**ASSIGNED TASK**
Please copy out the entries below exactly, beginning with the line that contains "D) prev) ->" and ending with the line that contains "0) fs j, b)]", and include nothing outside that span.

Dataset records

Theorem theorem3 (R : realType) (n m : nat) (hn : (0 < n)%N) (hm : (0 < m)%N)
  (B : 'M[int]_(n, m)) (C : 'M[int]_(m, n)) (dl du : 'rV[R]_m)
  (J2 J4 : 'M[R]_n)
  (hdl : forall j, 0 <= dl ord0 j) (hdu : forall j, dl ord0 j <= du ord0 j)
  (hJ2 : symmetric_mx J2) (hJ4 : symmetric_mx J4)
  (* (A1) *)
  (A1_sing : forall d, in_box dl du d ->
     \det (intmx R B *m diag_mx d *m intmx R C) = 0)
  (A1_stab : forall d, in_box dl du d ->
     exists s, eigen_mset (intmx R B *m diag_mx d *m intmx R C) s /\
       count (fun z : complex R => complex.Re z < 0) s = n.-1)
  (A1_v : exists v : 'cV[R]_n, v != 0 /\ (forall i, 0 <= v i ord0) /\
       v^T *m intmx R B = 0)
  (* (A2) *)
  (A2_J2 : indefinite J2) (A2_J4 : neg_semidef J4)
  (A2_kb : exists kb : R, neg_def (kb ^+ 2 *: J2 + kb ^+ 4 *: J4))
  (* hypotheses of the theorem *)
  (hPm : initially_positive (Psi_minus B C J2 J4 dl du))
  (hPp : negative_sign_change (Psi_plus B C J2 J4 dl du)) :
  forall d, in_box dl du d ->
    microphase_separation (fun k => spectral_abscissa (Jmat B C J2 J4 d k)).
Proof.
move=> d d_box; set A := intmx R B *m diag_mx d *m intmx R C.
have Jdet k : [set \det (- Jmat B C J2 J4 d' k) | d' in [set d' | in_box dl du d']]%classic
                (\det (- (A + k ^+ 2 *: J2 + k ^+ 4 *: J4))) by exists d.
have [kh [kh_gt0 Pm_gt0]] := hPm.
have [s [As count_s]] := A1_stab d d_box.
have [s' AE s'_left] := char_polyC_simple_root0 (A1_sing d d_box) As count_s.
have [kk kk_gt0 near0_left] := eigenvalue_Re_lt0_near0 kh_gt0
  (fun k hk => mem_gt0_of_inf_gt0 (Jdet k) (Pm_gt0 k hk)) AE s'_left.
have [k1 [k2 [k1_ge0 [k12 [_ Pp_lt0]]]]] := hPp.
have k2_gt0 : 0 < k2 := le_lt_trans k1_ge0 k12.
have [k3 k23 J3_neg] := neg_def_large A k2 hn A2_J4 A2_kb.
exists (Num.min kk (k2 / 2)); split; first by rewrite lt_min kk_gt0 divr_gt0.
split=> [k /andP[k_gt0]|]; first rewrite lt_min => /andP[k_lt_kk _].
  by apply: spectral_abscissa_lt hn _ => z; apply: near0_left; rewrite k_gt0.
exists k2, k3; split; first by rewrite gt_min ltr_pdivrMr // ltr_pMr ?ltr1n ?orbT.
split=> //; split; last first.
  by apply: spectral_abscissa_lt hn _ => z; exact: neg_def_eigenvalue_Re_lt0.
exact/spectral_abscissa_gt0/(mem_lt0_of_sup_lt0 (Jdet k2)).
Qed.
Definition negPHP (n : nat) (psi : form) : Prop :=
  (exists i, i < n.+1 /\ psi = Or (map (fun j => Var i j) (iota 0 n)))
  \/ (exists i1 i2 j, i1 < n.+1 /\ i2 < n.+1 /\ i1 <> i2 /\ j < n /\
        psi = Or [:: Neg (Var i1 j); Neg (Var i2 j)])
  \/ (exists i j1 j2, i < n.+1 /\ j1 < n /\ j2 < n /\ j1 <> j2 /\
        psi = Or [:: Neg (Var i j1); Neg (Var i j2)]).

(* sequents; proofs are sequences (DAG-like).                          *)
Definition sequent := (list form * list form)%type.

Inductive rule_inst (p n : nat) (prev : list sequent) : sequent -> Prop :=
| R_init phi : rule_inst p n prev ([:: phi], [:: phi])
| R_hyp psi : negPHP n psi -> rule_inst p n prev ([::], [:: psi])
| R_modax psi : mod_axiom p psi -> rule_inst p n prev ([::], [:: psi])
| R_weakl phi G D : List.In (G, D) prev -> rule_inst p n prev (phi :: G, D)
| R_weakr phi G D : List.In (G, D) prev -> rule_inst p n prev (G, D ++ [:: phi])
| R_contrl phi G D : List.In (phi :: phi :: G, D) prev -> rule_inst p n prev (phi :: G, D)
| R_contrr phi G D : List.In (G, D ++ [:: phi; phi]) prev ->
    rule_inst p n prev (G, D ++ [:: phi])
| R_exchl G1 G2 phi psi D : List.In (G1 ++ phi :: psi :: G2, D) prev ->
    rule_inst p n prev (G1 ++ psi :: phi :: G2, D)
| R_exchr G D1 D2 phi psi : List.In (G, D1 ++ phi :: psi :: D2) prev ->
    rule_inst p n prev (G, D1 ++ psi :: phi :: D2)
| R_cut phi G D : List.In (G, D ++ [:: phi]) prev -> List.In (phi :: G, D) prev ->
    rule_inst p n prev (G, D)
| R_negl phi G D : List.In (G, D ++ [:: phi]) prev -> rule_inst p n prev (Neg phi :: G, D)
| R_negr phi G D : List.In (phi :: G, D) prev -> rule_inst p n prev (G, D ++ [:: Neg phi])
| R_orl fs G D : (forall phi, List.In phi fs -> List.In (phi :: G, D) prev) ->
    rule_inst p n prev (Or fs :: G, D)
| R_orr fs phi G D : List.In phi fs -> List.In (G, D ++ [:: phi]) prev ->
    rule_inst p n prev (G, D ++ [:: Or fs]).

Definition is_refutation (p n d : nat) (P : list sequent) : Prop :=
  (forall k, k < size P -> rule_inst p n (take k P) (nth ([::], [::]) P k))
  /\ (exists P', P = P' ++ [:: ([::], [::])])
  /\ (forall S phi, List.In S P -> List.In phi (S.1 ++ S.2) -> wf p phi /\ depth phi <= d).

(* size of a proof: total number of symbols (formulas plus one arrow per sequent) *)
Definition seq_size (S : sequent) : nat :=
  (sumn (map fsize S.1) + sumn (map fsize S.2)).+1.
Definition proof_size (P : list sequent) : nat := sumn (map seq_size P).

Inductive question : Type :=
| AskVal of form            (* (P1) truth value of phi *)
| AskComp of form & nat     (* (P2a) phi = ⋁ fs said false: value of the j-th disjunct *)
| AskWit of form.           (* (P2b) phi = ⋁ fs said true: request a witness *)

Inductive answer : Type :=
| ABool of bool
| AIdx of nat.

Definition history := list (question * answer).

Definition stated (qa : question * answer) : list (form * bool) :=
  match qa with
  | (AskVal phi, ABool b) => [:: (phi, b)]
  | (AskComp (Or fs) j, ABool b) => [:: (nth (Var 0 0) fs j, b)]
  | (AskWit (Or fs), AIdx j) => [:: (nth (Var 0 0) fs j, true)]
  | _ => [::]
  end.

Definition record (h : history) : list (form * bool) := flatten (map stated h).

Definition game_form (p d n t : nat) (phi : form) : Prop :=
  wf p phi /\ php_vars n phi /\ depth phi <= d /\ fsize phi <= 2 ^ t.

Definition legal_q (p d n t : nat) (R : list (form * bool)) (q : question) : Prop :=
  match q with
  | AskVal phi => game_form p d n t phi
  | AskComp phi j => List.In (phi, false) R /\ exists fs, phi = Or fs /\ j < size fs
  | AskWit phi => List.In (phi, true) R /\ exists fs, phi = Or fs
  end.

(* rules (L0), (L1), (L3), (L4) on the set of all stated values *)
Definition consistent (p n : nat) (R : list (form * bool)) : Prop :=
  (forall phi b b', List.In (phi, b) R -> List.In (phi, b') R -> b = b')
  /\ (forall phi b b', List.In (phi, b) R -> List.In (Neg phi, b') R -> b' = ~~ b)
  /\ (forall phi b, List.In (phi, b) R -> mod_axiom p phi -> b = true)
  /\ (forall phi b, List.In (phi, b) R -> negPHP n phi -> b = true).

(* Liar's answer is legal: right shape, rule (L2), and consistency *)
Definition legal_a (p n : nat) (R : list (form * bool)) (q : question) (a : answer) : Prop :=
  match q, a with
  | AskVal _, ABool _ => True
  | AskComp _ _, ABool b => b = false
  | AskWit phi, AIdx j => exists fs, phi = Or fs /\ j < size fs
  | _, _ => False
  end
  /\ consistent p n (R ++ stated (q, a)).
(* Let $\mathbb{E}$ be a finite-dimensional real inner product space and let $f_i:\mathbb{E}\to(-\infty,\infty]$, $i=1,\ldots,M$, be convex, directionally differentiable, continuous on their domains, with $\mathrm{dom} f_i$ closed. Suppose $F(x):=\min_{i\in[M]}f_i(x)$ is continuous on $\mathrm{dom} F$. Then for every $x\in\mathrm{dom} F$ there exists a neighborhood $\mathcal{N}$ of $x$ such that for all $y\in\mathcal{N}\cap\mathrm{dom} F$ we have $y-x\in\mathcal{F}(x;\mathrm{dom} F)$ and $$F(y)\ge F(x)+F'(x;y-x).$$
   Context: $[M]=\{1,\ldots,M\}$; $\mathrm{dom}\, g=\{x\mid g(x)<\infty\}$. For $\mathcal{C}\subset\mathbb{E}$, $x\in\mathbb{E}$: $\mathcal{F}(x;\mathcal{C})=\{d\mid \exists\varsigma'>0:\ x+\varsigma d\in\mathcal{C}\ \forall\varsigma\in(0,\varsigma')\}$ if $x\in\mathcal{C}$, and $\emptyset$ otherwise. $g$ is directionally differentiable if for every $x\in\mathrm{dom}\, g$, $d\in\mathcal{F}(x;\mathrm{dom}\, g)$ the limit $g'(x;d)=\lim_{\varsigma\searrow0}(g(x+\varsigma d)-g(x))/\varsigma$ exists in $\mathbb{R}$. *)

From HB Require Import structures.
From mathcomp Require Import all_boot all_order all_algebra.
From mathcomp Require Import all_classical all_reals all_analysis.
Set Implicit Arguments. Unset Strict Implicit. Unset Printing Implicit Defensive.
Import Order.TTheory GRing.Theory Num.Theory.
Import numFieldNormedType.Exports.
Local Open Scope classical_set_scope.
Local Open Scope ring_scope.

Section Defs.
Variables (R : realType) (n : nat).
Notation E := 'rV[R]_n.

Definition edom (g : E -> \bar R) : set E := [set x | (g x < +oo)%E].

Definition feas_dir (C : set E) (x : E) : set E :=
  [set d | C x /\ exists2 s' : R, 0 < s' & forall s : R, 0 < s < s' -> C (x + s *: d)].

Definition econvex (g : E -> \bar R) : Prop :=
  forall (x y : E) (t : R), 0 <= t <= 1 ->
    (g ((1 - t) *: x + t *: y)%R <= (1 - t)%:E * g x + t%:E * g y)%E.

Definition has_dir_deriv (g : E -> \bar R) (x d : E) (l : R) : Prop :=
  (fun s : R => (fine (g (x + s *: d)) - fine (g x)) / s) @ 0^'+ --> l.

Definition dir_differentiable (g : E -> \bar R) : Prop :=
  forall x d, edom g x -> feas_dir (edom g) x d -> exists l : R, has_dir_deriv g x d l.

Definition emin_fam (M : nat) (f : 'I_M -> E -> \bar R) (x : E) : \bar R :=
  \big[Order.min/+oo%E]_(i < M) f i x.

End Defs.

(* Near [x], every index [k] attaining the minimum [F z] is active at [x], i.e. [f k x = F x]:
   an inactive index whose domain contains [x] stays strictly above [F] by continuity of [f k]
   and [F], and the closed domains missing [x] are avoided near [x].  Given [y] near [x], pick
   [j] attaining [F y]; convexity of [f j] puts the segment [[x, y]] in [dom f j], a subset of
   [dom F], so [d = y - x] is feasible.  For small [s > 0] the minimizer of [F (x + s d)] is again
   active, and [d] is feasible for it by convexity of its domain, so [F (x + s d)] is the minimum
   of [f i (x + s d)] over the active indices along which [d] is feasible; hence [F'(x; d)] is
   the minimum of the [f i'(x; d)].  Finally
   [F'(x; d) <= f j'(x; d) <= f j y - f j x = F y - F x] by convexity of [f j]. *)

From HB Require Import structures.
From mathcomp Require Import all_boot all_order all_algebra.
From mathcomp Require Import all_classical all_reals all_analysis.
From mathcomp Require Import lra.
Import Order.TTheory GRing.Theory Num.Theory.
Import numFieldNormedType.Exports.
Local Open Scope classical_set_scope.
Local Open Scope ring_scope.

Lemma nondecreasing_bigmin {d1 d2} {T1 : orderType d1} {T2 : orderType d2}
    {I : Type} {r : seq I} {P : pred I} (phi : T1 -> T2) {x : T1} {F : I -> T1} :
  {homo phi : u v / (u <= v)%O} ->
  phi (\big[Order.min/x]_(i <- r | P i) F i) = \big[Order.min/phi x]_(i <- r | P i) phi (F i).
Proof.
move=> phi_le; apply: (big_ind2 (fun u v => phi u = v)) => // a a' b b' <- <-.
case: (leP a b) => [ab|/ltW ba]; first by rewrite !min_l ?phi_le.
by rewrite !min_r ?phi_le.
Qed.

Lemma cvg_bigmin {d} {T : orderTopologicalType d} {U : Type} {F : set_system U} {FF : Filter F}
    {I : Type} {r : seq I} {P : pred I} {g0 : U -> T} {g : I -> U -> T} {l0 : T} {l : I -> T} :
  g0 @ F --> l0 -> (forall i, P i -> g i @ F --> l i) ->
  (fun u => \big[Order.min/g0 u]_(i <- r | P i) g i u) @ F -->
    \big[Order.min/l0]_(i <- r | P i) l i.
Proof.
move=> g0l gl; elim: r => [|i r IH].
  by under eq_fun do rewrite big_nil; rewrite big_nil.
under eq_fun do rewrite big_cons; rewrite big_cons; case: ifP => Pi //.
exact: continuous2_cvg (@min_continuous _ T (_, _)) (gl _ Pi) IH.
Qed.

Section ExtendedValued.
Context {R : realType} {n : nat}.
Implicit Types (g : 'rV[R]_n -> \bar R) (x y d : 'rV[R]_n).

Lemma fin_num_edom {g z} : (forall z, g z != -oo%E) -> edom g z -> g z \is a fin_num.
Proof. by move=> g_ninf; rewrite /edom /= fin_numE g_ninf ltey. Qed.

Lemma edom_convex g x y t : (forall z, g z != -oo%E) -> econvex g ->
  edom g x -> edom g y -> 0 <= t <= 1 -> edom g ((1 - t) *: x + t *: y).
Proof.
move=> g_ninf g_cvx gx gy t01; rewrite /edom /=.
apply: le_lt_trans (g_cvx x y t t01) _.
rewrite -(fineK (fin_num_edom g_ninf gx)) -(fineK (fin_num_edom g_ninf gy)).
by rewrite -!EFinM -EFinD ltry.
Qed.

Lemma feas_dir_edom_convex g x d s : (forall z, g z != -oo%E) -> econvex g -> 0 < s ->
  edom g x -> edom g (x + s *: d) -> feas_dir (edom g) x d.
Proof.
move=> g_ninf g_cvx s_gt0 gx gxd; split => //; exists s => // t /andP[t_gt0 t_lts].
have -> : x + t *: d = (1 - t / s) *: x + (t / s) *: (x + s *: d).
  by rewrite scalerDr scalerA divfK ?gt_eqF // scalerBl scale1r addrA subrK.
apply: edom_convex => //.
by rewrite divr_ge0 ?ltW //= ltr_pdivrMr // mul1r.
Qed.

Lemma feas_dir_sub (A B : set 'rV[R]_n) x d : A `<=` B -> feas_dir A x d -> feas_dir B x d.
Proof. by move=> AB [Ax [s s_gt0 As]]; split; [exact: AB | exists s => // t /As/AB]. Qed.

Lemma has_dir_deriv_le_convex {g x y l} : (forall z, g z != -oo%E) -> econvex g ->
  edom g x -> edom g y -> has_dir_deriv g x (y - x) l -> l <= fine (g y) - fine (g x).
Proof.
move=> g_ninf g_cvx gx gy gl; apply: (cvgr_to_le gl); near=> s.
have s_gt0 : 0 < s by near: s; exact: nbhs_right_gt.
have s01 : 0 <= s <= 1 by rewrite ltW //= ltW //; near: s; exact: nbhs_right_lt.
have segE : x + s *: (y - x) = (1 - s) *: x + s *: y.
  by rewrite scalerBr scalerBl scale1r addrA addrAC.
have := g_cvx x y s s01; rewrite -segE.
rewrite -(fineK (fin_num_edom g_ninf gx)) -(fineK (fin_num_edom g_ninf gy)) -!EFinM -EFinD.
have gs : edom g (x + s *: (y - x)) by rewrite segE; exact: edom_convex.
rewrite -(fineK (fin_num_edom g_ninf gs)) lee_fin => le_seg.
rewrite ler_pdivrMr //; lra.
Unshelve. all: end_near.
Qed.

Lemma fine_cvg_within_edom {g x} :
  (forall z, g z != -oo%E) -> {within edom g, continuous g} -> edom g x ->
  fine (g z) @[z --> within (edom g) (nbhs x)] --> fine (g x).
Proof.
move=> g_ninf g_cont gx.
have : g z @[z --> within (edom g) (nbhs x)] --> g x := (subspace_continuousP _ _).1 g_cont x gx.
by rewrite -[in X in _ --> X](fineK (fin_num_edom g_ninf gx)); exact: fine_cvg.
Qed.

Lemma has_dir_deriv_bigmin (I : finType) (P : pred I) g (h : I -> 'rV[R]_n -> \bar R) x d j
    (l : I -> R) :
  P j -> (forall i, P i -> h i x = g x) ->
  (forall i, P i -> has_dir_deriv (h i) x d (l i)) ->
  (\forall s \near 0^'+, forall i, P i -> h i (x + s *: d) \is a fin_num) ->
  (\forall s \near 0^'+,
     g (x + s *: d) = \big[Order.min/h j (x + s *: d)]_(i | P i) h i (x + s *: d)) ->
  has_dir_deriv g x d (\big[Order.min/l j]_(i | P i) l i).
Proof.
move=> Pj hx hl h_fin gE.
pose q i s := (fine (h i (x + s *: d)) - fine (g x)) / s.
have q_cvg i : P i -> q i @ 0^'+ --> l i by move=> Pi; rewrite /q -(hx i Pi); exact: hl.
apply: cvg_trans (cvg_bigmin (q_cvg j Pj) q_cvg); apply: near_eq_cvg; near=> s.
have s_gt0 : 0 < s by near: s; exact: nbhs_right_gt.
have h_fin_s : forall i, P i -> h i (x + s *: d) \is a fin_num by near: s.
have -> : g (x + s *: d) =
    (\big[Order.min/fine (h j (x + s *: d))]_(i | P i) fine (h i (x + s *: d)))%:E.
  rewrite (near gE s) // (nondecreasing_bigmin (@EFin R)); last first.
    by move=> u v; rewrite lee_fin.
  by rewrite fineK ?h_fin_s //; apply: eq_bigr => i Pi; rewrite fineK ?h_fin_s.
rewrite /= (nondecreasing_bigmin (fun u => (u - fine (g x)) / s)) //.
by move=> u v uv; rewrite ler_pM2r ?invr_gt0 // lerD2r.
Unshelve. all: end_near.
Qed.

End ExtendedValued.

Definition active_feas {R : realType} {n M : nat} (f : 'I_M -> 'rV[R]_n -> \bar R)
    (x d : 'rV[R]_n) : pred 'I_M :=
  fun i => (f i x == emin_fam f x) && `[< feas_dir (edom (f i)) x d >].

Section EminFam.
Context {R : realType} {n M : nat} {f : 'I_M -> 'rV[R]_n -> \bar R}.
Hypothesis f_neq_ninfty : forall i z, f i z != -oo%E.
Hypothesis f_convex : forall i, econvex (f i).
Hypothesis f_dir_diff : forall i, dir_differentiable (f i).
Hypothesis f_cont : forall i, {within edom (f i), continuous (f i)}.
Hypothesis edom_f_closed : forall i, closed (edom (f i)).
Hypothesis F_cont : {within edom (emin_fam f), continuous (emin_fam f)}.
Local Notation F := (emin_fam f).

Lemma emin_fam_le i z : (F z <= f i z)%E.
Proof. exact: bigmin_le. Qed.

Lemma emin_fam_neq_ninfty z : F z != -oo%E.
Proof. by apply: (big_ind (fun v => v != -oo%E)) => // a b; case: leP. Qed.

Lemma edom_emin_fam {i z} : edom (f i) z -> edom F z.
Proof. exact: le_lt_trans (emin_fam_le i z). Qed.

Lemma emin_fam_attained {z} : edom F z -> exists k, F z = f k z.
Proof.
move=> /(@bigmin_ltP _ _ +oo%E _ predT +oo%E (fun i => f i z))[|[j _ _]].
  by rewrite ltxx.
have [k _ Fzk] := @eq_bigmin _ _ _ +oo%E j predT (fun i => f i z) erefl (fun i _ => leey _).
by exists k.
Qed.

Lemma emin_fam_lt_near {k} {x : 'rV[R]_n} : edom (f k) x -> (F x < f k x)%E ->
  \forall z \near x, edom (f k) z -> (F z < f k z)%E.
Proof.
move=> kx Fx_lt; have Fx := edom_emin_fam kx.
have fine_lt : fine (F x) < fine (f k x).
  by rewrite -lte_fin !fineK // ?fin_num_edom //; exact: emin_fam_neq_ninfty.
pose m := (fine (F x) + fine (f k x)) / 2.
have Fx_m : fine (F x) < m by rewrite /m; lra.
have m_kx : m < fine (f k x) by rewrite /m; lra.
have near_k : \forall z \near x, edom (f k) z -> m < fine (f k z).
  exact: cvgr_gt _ (fine_cvg_within_edom (f_neq_ninfty k) (f_cont k) kx) m m_kx.
have near_F : \forall z \near x, edom F z -> fine (F z) < m.
  exact: cvgr_lt _ (fine_cvg_within_edom emin_fam_neq_ninfty F_cont Fx) m Fx_m.
apply: filterS (filterI near_k near_F) => z [kz_m Fz_m] kz; have Fz := edom_emin_fam kz.
rewrite -(fineK (fin_num_edom emin_fam_neq_ninfty Fz)).
rewrite -(fineK (fin_num_edom (f_neq_ninfty k) kz)) lte_fin.
exact: lt_trans (Fz_m Fz) (kz_m kz).
Qed.

Lemma emin_fam_active_near {x : 'rV[R]_n} : edom F x ->
  \forall z \near x, forall k, edom F z -> F z = f k z -> f k x = F x.
Proof.
move=> Fx.
have near_k k : \forall z \near x, edom (f k) z -> f k x = F x \/ (F z < f k z)%E.
  have [kx|kx] := pselect (edom (f k) x); last first.
    have nkx : nbhs x (~` edom (f k)) by apply: open_nbhs_nbhs; split; [exact: closed_openC|].
    by apply: filterS nkx => z.
  have [kxE|kx_neq] := eqVneq (f k x) (F x); first by near=> z => _; left.
  have Fx_lt : (F x < f k x)%E by rewrite lt_neqAle eq_sym kx_neq emin_fam_le.
  by apply: filterS (emin_fam_lt_near kx Fx_lt) => z Fz_lt kz; right; exact: Fz_lt.
apply: filterS (filter_forall _ near_k) => z near_z k Fz Fzk.
have kz : edom (f k) z by rewrite /edom /= -Fzk.
by case: (near_z k kz) => //; rewrite Fzk ltxx.
Unshelve. all: end_near.
Qed.

Lemma active_feas_edom_near (x d : 'rV[R]_n) :
  \forall s \near 0^'+, forall i, active_feas f x d i -> edom (f i) (x + s *: d).
Proof.
apply: filter_forall => i.
case: (boolP (active_feas f x d i)) => [|_]; last exact: nearW.
move=> /andP[_ /asboolP[_ [s' s'_gt0 feas]]].
near=> s => _; apply: feas.
by apply/andP; split; near: s; [exact: nbhs_right_gt | exact: nbhs_right_lt].
Unshelve. all: end_near.
Qed.

Lemma emin_fam_near_active_feas {x d : 'rV[R]_n} {j} : edom F x -> active_feas f x d j ->
  \forall s \near 0^'+,
    F (x + s *: d) = \big[Order.min/f j (x + s *: d)]_(i | active_feas f x d i) f i (x + s *: d).
Proof.
move=> Fx Aj.
have seg_cvg : (fun s : R => x + s *: d) @ 0^'+ --> x.
  apply: cvg_at_right_filter; rewrite -[X in _ --> X]addr0 -[X in x + X](scale0r d).
  by apply: cvgD; [exact: cvg_cst | apply: cvgZ; [exact: cvg_id | exact: cvg_cst]].
have near_active := seg_cvg _ (emin_fam_active_near Fx).
near=> s.
have s_gt0 : 0 < s by near: s; exact: nbhs_right_gt.
have active_z : forall k, edom F (x + s *: d) -> F (x + s *: d) = f k (x + s *: d) -> f k x = F x.
  by near: s; exact: near_active.
have edom_z : forall i, active_feas f x d i -> edom (f i) (x + s *: d).
  by near: s; exact: active_feas_edom_near.
set z := x + s *: d in active_z edom_z *.
have Fz := edom_emin_fam (edom_z j Aj).
apply/eqP; rewrite eq_le; apply/andP; split.
  by apply: le_bigmin => [|i _]; exact: emin_fam_le.
have [k Fzk] := emin_fam_attained Fz.
have kx := active_z k Fz Fzk.
have Ak : active_feas f x d k.
  apply/andP; split; first exact/eqP.
  apply/asboolP; apply: feas_dir_edom_convex s_gt0 _ _ => //.
  - by rewrite /edom /= kx.
  - by rewrite /edom /= -Fzk.
by rewrite Fzk; exact: bigmin_le_cond.
Unshelve. all: end_near.
Qed.

Lemma emin_fam_has_dir_deriv {x d : 'rV[R]_n} {j} : edom F x -> active_feas f x d j ->
  exists2 l, has_dir_deriv F x d l & exists2 lj, has_dir_deriv (f j) x d lj & l <= lj.
Proof.
move=> Fx Aj.
have /choice[lf lf_deriv] : forall i, exists l, active_feas f x d i -> has_dir_deriv (f i) x d l.
  move=> i; case: (boolP (active_feas f x d i)) => [/andP[_ /asboolP feas]|_]; last by exists 0.
  by have [l ?] := f_dir_diff i x d feas.1 feas; exists l.
exists (\big[Order.min/lf j]_(i | active_feas f x d i) lf i).
  apply: has_dir_deriv_bigmin Aj _ lf_deriv _ (emin_fam_near_active_feas Fx Aj).
    by move=> i /andP[/eqP].
  apply: filterS (active_feas_edom_near x d) => s edom_s i Ai.
  exact: fin_num_edom (f_neq_ninfty i) (edom_s i Ai).
by exists (lf j); [exact: lf_deriv | exact: bigmin_le_id].
Qed.

End EminFam.

Theorem mainTheorem2 (R : realType) (n M : nat) (f : 'I_M -> 'rV[R]_n -> \bar R) :
  (forall i x, f i x != -oo%E) ->
  (forall i, econvex (f i)) ->
  (forall i, dir_differentiable (f i)) ->
  (forall i, {within edom (f i), continuous (f i)}) ->
  (forall i, closed (edom (f i))) ->
  {within edom (emin_fam f), continuous (emin_fam f)} ->
  forall x, edom (emin_fam f) x ->
  exists2 N : set 'rV[R]_n, nbhs x N &
    forall y, N y -> edom (emin_fam f) y ->
      feas_dir (edom (emin_fam f)) x (y - x) /\
      exists l : R, has_dir_deriv (emin_fam f) x (y - x) l /\
        (emin_fam f y >= emin_fam f x + l%:E)%E.
Proof.
move=> f_ninf f_cvx f_dd f_cont f_closed F_cont x Fx.
exists [set z | forall k, edom (emin_fam f) z -> emin_fam f z = f k z -> f k x = emin_fam f x].
  exact: emin_fam_active_near.
move=> y active_y Fy; have [j Fyj] := emin_fam_attained Fy.
have jx : f j x = emin_fam f x := active_y j Fy Fyj.
have edom_jx : edom (f j) x by rewrite /edom /= jx.
have edom_jy : edom (f j) y by rewrite /edom /= -Fyj.
have feas_j : feas_dir (edom (f j)) x (y - x).
  by apply: feas_dir_edom_convex ltr01 _ _ => //; rewrite scale1r subrKC.
split; first exact: feas_dir_sub (fun z => edom_emin_fam) feas_j.
have Aj : active_feas f x (y - x) j by rewrite /active_feas jx eqxx; exact/asboolP.
have [l Fl [lj jl l_lj]] := emin_fam_has_dir_deriv f_ninf f_cvx f_dd f_cont f_closed F_cont Fx Aj.
exists l; split => //.
have lj_le := has_dir_deriv_le_convex (f_ninf j) (f_cvx j) edom_jx edom_jy jl.
rewrite Fyj -jx -(fineK (fin_num_edom (f_ninf j) edom_jx)).
rewrite -(fineK (fin_num_edom (f_ninf j) edom_jy)) -EFinD lee_fin; lra.
Qed.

**ANSWER BOX**
| R_orl fs G D : (forall phi, List.In phi fs -> List.In (phi :: G, D) prev) ->
    rule_inst p n prev (Or fs :: G, D)
| R_orr fs phi G D : List.In phi fs -> List.In (G, D ++ [:: phi]) prev ->
    rule_inst p n prev (G, D ++ [:: Or fs]).

Definition is_refutation (p n d : nat) (P : list sequent) : Prop :=
  (forall k, k < size P -> rule_inst p n (take k P) (nth ([::], [::]) P k))
  /\ (exists P', P = P' ++ [:: ([::], [::])])
  /\ (forall S phi, List.In S P -> List.In phi (S.1 ++ S.2) -> wf p phi /\ depth phi <= d).

(* size of a proof: total number of symbols (formulas plus one arrow per sequent) *)
Definition seq_size (S : sequent) : nat :=
  (sumn (map fsize S.1) + sumn (map fsize S.2)).+1.
Definition proof_size (P : list sequent) : nat := sumn (map seq_size P).

Inductive question : Type :=
| AskVal of form            (* (P1) truth value of phi *)
| AskComp of form & nat     (* (P2a) phi = ⋁ fs said false: value of the j-th disjunct *)
| AskWit of form.           (* (P2b) phi = ⋁ fs said true: request a witness *)

Inductive answer : Type :=
| ABool of bool
| AIdx of nat.

Definition history := list (question * answer).

Definition stated (qa : question * answer) : list (form * bool) :=
  match qa with
  | (AskVal phi, ABool b) => [:: (phi, b)]
  | (AskComp (Or fs) j, ABool b) => [:: (nth (Var 0 0) fs j, b)]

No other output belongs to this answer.